Perhaps you could give it a try?


Gravatar Let's cut the crap.

The gay agenda here is to obtain benefits, health insurance, life insurance, SSI etc. for a high risk lifestyle that the majority of society sees as immoral.

Ain't gonna happen.

End of story.


Gravatar Anonymous,

You're right, in the same way that opposite-sex marriage is at least partially to obtain benefits, health insurance, life insurance, SSI, etc., for your spouse.

As for high risk, who do you think will be having more serial sexual relationships -- a single gay guy, or a married gay guy? If the heterosexual model is any indication, the married guy may eventually be lucky to have any sex at all...

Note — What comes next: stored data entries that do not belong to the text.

(* For the step set $\mathcal A$ and for both $t_0=\tfrac12$ and $t_0=-\tfrac12$, $$Q_{\mathcal A}(x,0,t_0)=\sum_{n\ge0}\frac{T_n}{4^n}x^{2n},$$ where $(T_n)_{n\ge0}=(1,2,16,272,7936,\dots)$ is the sequence of tangent numbers, defined by $\tan x=\sum_{n\ge0}T_n\frac{x^{2n+1}}{(2n+1)!}$. Equivalently, $$Q_{\mathcal A}(x,0,\tfrac12)=2\sum_{n\ge0}(2^{2n+2}-1)\frac{(-1)^n}{n+1}B_{2n+2}x^{2n},$$ where $(B_n)_{n\ge0}$ are the Bernoulli numbers.
   Context: Let $\mathbb N=\{0,1,2,\dots\}$ and $\mathcal A=\{(-1,1),(1,1),(1,-1)\}$. $\#_{\mathcal A}\{(0,0)\xrightarrow{n}(i,j)\}$ is the number of sequences $p_0=(0,0),p_1,\dots,p_n=(i,j)$ of points of $\mathbb N^2$ with $p_m-p_{m-1}\in\mathcal A$. For $t_0\in\{\tfrac12,-\tfrac12\}$, $Q_{\mathcal A}(x,0,t_0)=\sum_{i\ge0}\big(\sum_{n\ge0}\#_{\mathcal A}\{(0,0)\xrightarrow{n}(i,0)\}t_0^n\big)x^i$ (the inner series converge). Bernoulli numbers are defined by $\sum_{n\ge0}B_n\frac{x^n}{n!}=\frac{x}{e^x-1}$. *)

From Stdlib Require Import Reals ZArith List Arith.
From Coquelicot Require Import Coquelicot.
Import ListNotations.
Open Scope R_scope.

Inductive step := SW_NE | S_NE | S_SE .
Definition steps : list step := [SW_NE; S_NE; S_SE].
Definition dx (s : step) : Z := match s with SW_NE => (-1)%Z | S_NE => 1%Z | S_SE => 1%Z end.
Definition dy (s : step) : Z := match s with SW_NE => 1%Z | S_NE => 1%Z | S_SE => (-1)%Z end.

Fixpoint words (n : nat) : list (list step) :=
  match n with
  | O => [[]]
  | S m => flat_map (fun w => map (fun s => w ++ [s]) steps) (words m)
  end.

Fixpoint run (x y : Z) (w : list step) : option (Z * Z) :=
  match w with
  | [] => Some (x, y)
  | s :: w' =>
      let x' := (x + dx s)%Z in let y' := (y + dy s)%Z in
      if andb (Z.leb 0 x') (Z.leb 0 y') then run x' y' w' else None
  end.

Definition ends_at (i j : nat) (w : list step) : bool :=
  match run 0%Z 0%Z w with
  | Some (x, y) => andb (Z.eqb x (Z.of_nat i)) (Z.eqb y (Z.of_nat j))
  | None => false
  end.

Definition nwalks (n i j : nat) : nat := length (filter (ends_at i j) (words n)).

Definition tangent_number (n : nat) : R := Derive_n tan (2 * n + 1) 0.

As for society's view of immorality, how do you explain the fact that Wisconsin -- and I imagine the majority of states -- have made it illegal to discriminate on the basis of sexual orientation?

Sounds like you may not be in the majority, after all...


Gravatar MFD,

Several rambling points,

It's not the person's sexual orientation, it's the actions of the orientation such as sodomy which are view by the majority as immoral. You can be gay and abstain from sexual relations.

Gays can get employee benefits as singles so long as they are productive members of society and an employer provides them...even if you co-habitate

Why continue to make a farce of the institution of marriage? Are you saying that heterosexuals are the abnormal condition of human interaction?

Not every government institution agrees with sexual orientation being acceptable, i.e. don't ask, don't tell.

Yes, I am in the majority; that being outside of San Francisco.


Gravatar Anon,

So I assume you have strictly avoided sodomy (commonly defined as genital-anal or genital-oral contact) throughout your entire lifetime?

And if your response is "That's none of your damned business!", then I think you're beginning to get the point that gays have been trying to make...

And do you really think that VP Cheney's daughter Mary would make a bigger farce of marriage than Britney Spears already has?